Rebranding the TVET institutes to make the program more attractive and improve the overall image of the TVET programs were also said to have been ineffective after such initiative only caused confusion among trainees, institutes and industries.

“As of now, Technical Training Institutes of MoLHR provide TVET programs only at the certificate level. It has neither been able to provide government scholarships nor avail attractive scholarships from TVET institutions outside the country to provide an opportunity for the top performing TTI graduates to pursue higher technical and vocational education. This is one of the reasons why TTIs are not able to attract good performers from school education,” stated the findings by the special committee.

It has also been found that Department of Technical Education (DTE) under the labour ministry is bogged down with the bureaucratic works and is not able to provide focused and timely professional TVET services particularly in the areas of research and development, curriculum review and development, professional development.

TVET instructors and graduates expressed dissatisfaction over their certificates not being accorded the same level of recognition like their peers in other sectors for the job promotion and position.

At the institutional level, there seems to be a lack of well coordinated and standard practice of establishing industrial linkages. Some TTIs reported that for industrial linkage program, they select industries based on the relevancy of TTI courses and sign MoU once in a year mainly for the purpose of on job training.
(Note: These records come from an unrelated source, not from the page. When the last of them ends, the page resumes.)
(* In the setting of Problem A with $m>0$ and $0<\underline\theta<\overline\theta$, let $z\in\mathcal H_0$ and $w\in\mathcal H$ with $w\notin(A+B+C+D)(Gz)$. Then the bracketing/bisection procedure (see context), started from any $\rho^0>0$, terminates after finitely many steps and returns $(\rho,x,y)$ with $\rho>0$ and $x\in\mathcal H$ satisfying (5.3)–(5.4), and $y=(Gz-x)/\rho+w+[B(x)-B(Gz)]+[D(x)-D_{(Gz)}(x)]$.
   Context: Problem A setting: $\mathcal H_0,\mathcal H$ real Hilbert spaces; $A:\mathcal H\rightrightarrows\mathcal H$ maximal monotone; $B:\mathcal H\to\mathcal H$ monotone and $\ell$-Lipschitz ($\ell\ge0$); $C:\mathcal H\to\mathcal H$ $\beta$-cocoercive with $\beta\in(0,\infty]$, i.e. $\langle x-y,Cx-Cy\rangle\ge\beta\|Cx-Cy\|^2$ (with $1/\infty=0$); $D:\mathcal H\to\mathcal H$ monotone and continuously differentiable with $m$-Lipschitz derivative $D'$; $G:\mathcal H_0\to\mathcal H$ bounded linear. For $u\in\mathcal H$, $D_{(u)}(x):=D(u)+D'(u)(x-u)$. For a maximal monotone $S$, $J_S:=(S+I)^{-1}$. Given $\hat\delta>0$ and $0<\underline\theta<\overline\theta$, Problem A asks, for given $z\in\mathcal H_0$, $w\in\mathcal H$, for $\rho>0$ and $x\in\mathcal H$ with (5.3) $x=J_{\rho(A+D_{(Gz)})}\big(Gz+\rho w-\rho(B+C)(Gz)\big)$ and (5.4) $\underline\theta\le4\ell^2\rho^2+(\beta^{-1}+\hat\delta)\rho+(m\rho\|x-Gz\|)^2\le\overline\theta$. Bracketing/bisection procedure: for $\rho>0$ let $x(\rho):=J_{\rho(A+D_{(Gz)})}\big(Gz+\rho w-\rho(B+C)(Gz)\big)$ and $q(\rho):=4\ell^2\rho^2+(\beta^{-1}+\hat\delta)\rho+(m\rho\|x(\rho)-Gz\|)^2$. Given $\rho^0>0$: if $\underline\theta\le q(\rho^0)\le\overline\theta$, return $\rho=\rho^0$. If $q(\rho^0)<\underline\theta$, set $t_-=\rho^0$, $t_+=\rho^0\overline\theta/q(\rho^0)$; if $q(\rho^0)>\overline\theta$, set $t_-=\rho^0\underline\theta/q(\rho^0)$, $t_+=\rho^0$. Then repeat: set $\tilde\rho=\sqrt{t_-t_+}$; if $\underline\theta\le q(\tilde\rho)\le\overline\theta$, return $\rho=\tilde\rho$; if $q(\tilde\rho)>\overline\theta$ set $t_+=\tilde\rho$; if $q(\tilde\rho)<\underline\theta$ set $t_-=\tilde\rho$. On return with $\rho$, output $x=x(\rho)$ and $y=(Gz-x)/\rho+w+[B(x)-B(Gz)]+[D(x)-D_{(Gz)}(x)]$. *)

From HB Require Import structures.
From mathcomp Require Import all_boot all_order all_algebra.
From mathcomp Require Import all_classical all_reals all_analysis.
Set Implicit Arguments. Unset Strict Implicit. Unset Printing Implicit Defensive.
Import Order.TTheory GRing.Theory Num.Theory.
Import numFieldNormedType.Exports.
Local Open Scope classical_set_scope.
Local Open Scope ring_scope.

Section Defs.
Variable R : realType.

(** [ip] is a (real) inner product on the normed space [V] inducing its norm.
    Together with completeness of [V] this makes [V] a real Hilbert space. *)
Definition is_inner_product (V : normedModType R) (ip : V -> V -> R) : Prop :=
  [/\ forall x y, ip x y = ip y x,
      forall x y z, ip (x + y) z = ip x z + ip y z,
      forall (a : R) x y, ip (a *: x) y = a * ip x y &
      forall x, ip x x = `|x| ^+ 2].

Variable V : normedModType R.
Variable ip : V -> V -> R.

Definition monotone_op (S : V -> set V) : Prop :=
  forall x y u v, S x u -> S y v -> 0 <= ip (x - y) (u - v).

Definition maximal_monotone (S : V -> set V) : Prop :=
  monotone_op S /\
  forall S' : V -> set V, monotone_op S' ->
    (forall x u, S x u -> S' x u) -> forall x u, S' x u -> S x u.

Definition monotone_fun (f : V -> V) : Prop :=
  forall x y, 0 <= ip (x - y) (f x - f y).

(** x ∈ J_S(v) = (S + I)^{-1}(v), i.e. v ∈ S x + x *)
Definition resolvent_rel (S : V -> set V) (v x : V) : Prop := S x (v - x).

(** J_S(v) as a function (single-valued when S is maximal monotone) *)
Definition resolvent (S : V -> set V) (v : V) : V := xget 0 (resolvent_rel S v).

Definition scale_op (rho : R) (S : V -> set V) : V -> set V :=
  fun x => [set rho *: a | a in S x].
Definition add_op (S : V -> set V) (f : V -> V) : V -> set V :=
  fun x => [set a + f x | a in S x].

Definition lin_at (D : V -> V) (u : V) : V -> V :=
  fun x => D u + 'd D u (x - u).

End Defs.

Section Bisection.
Variable R : realType.

Inductive bstate := BDone of R | BBracket of R & R.

Variables (q : R -> R) (lo hi : R).

Definition binit (rho0 : R) : bstate :=
  if (lo <= q rho0) && (q rho0 <= hi) then BDone rho0
  else if q rho0 < lo then BBracket rho0 (rho0 * hi / q rho0)
  else BBracket (rho0 * lo / q rho0) rho0.

Definition bstep (s : bstate) : bstate :=
  match s with
  | BDone r => BDone r
  | BBracket tm tp =>
      let t := Num.sqrt (tm * tp) in
      if (lo <= q t) && (q t <= hi) then BDone t
      else if hi < q t then BBracket tm t
      else BBracket t tp
  end.

Definition bstate_after (rho0 : R) (n : nat) : bstate := iter n bstep (binit rho0).

End Bisection.

Section ProblemA.
Variables (R : realType) (H0 H : normedModType R).
Variables (A : H -> set H) (B C D : H -> H) (G : H0 -> H).
Variables (ell binv dhat m : R).
Variables (z : H0) (w : H).

Definition probA_arg (rho : R) : H := G z + rho *: w - rho *: (B (G z) + C (G z)).
Definition probA_op (rho : R) : H -> set H := scale_op rho (add_op A (lin_at D (G z))).
Definition probA_x (rho : R) : H := resolvent (probA_op rho) (probA_arg rho).

(** q(rho); [binv] stands for beta^{-1} *)
Definition probA_merit (rho : R) (x : H) : R :=
  4 * ell ^+ 2 * rho ^+ 2 + (binv + dhat) * rho + (m * rho * `|x - G z|) ^+ 2.
Definition probA_q (rho : R) : R := probA_merit rho (probA_x rho).

Definition probA_y (rho : R) (x : H) : H :=
  rho^-1 *: (G z - x) + w + (B x - B (G z)) + (D x - lin_at D (G z) x).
Despite recognizing TVET as an important driver to absorb 20 percent of the students from higher secondary schools in the TVET system by 2024 and generate skilled workforce for gainful employment, its share in the 12th plan period is only 1.8 percent (Nu. 2.1 billion) of the overall outlay.

In order to find a clear way forward, the Committee will present its complete review findings along with appropriate recommendations in the summer session after extensive consultations with the Bhutan Chamber of Commerce and Industry, Association of Bhutanese Industries and Bhutanese Automobile Association.

It has been found that there are currently more than 50,000 foreign workers engaged in the country, of which the majority is employed in the construction sector.

There are six Technical Training Institutes (TTIs) and two Institutes of Zorig Chusum under the purview of Ministry of Labour and Human Resources (MoLHR) and several other registered private and non-governmental organization TVET training providers.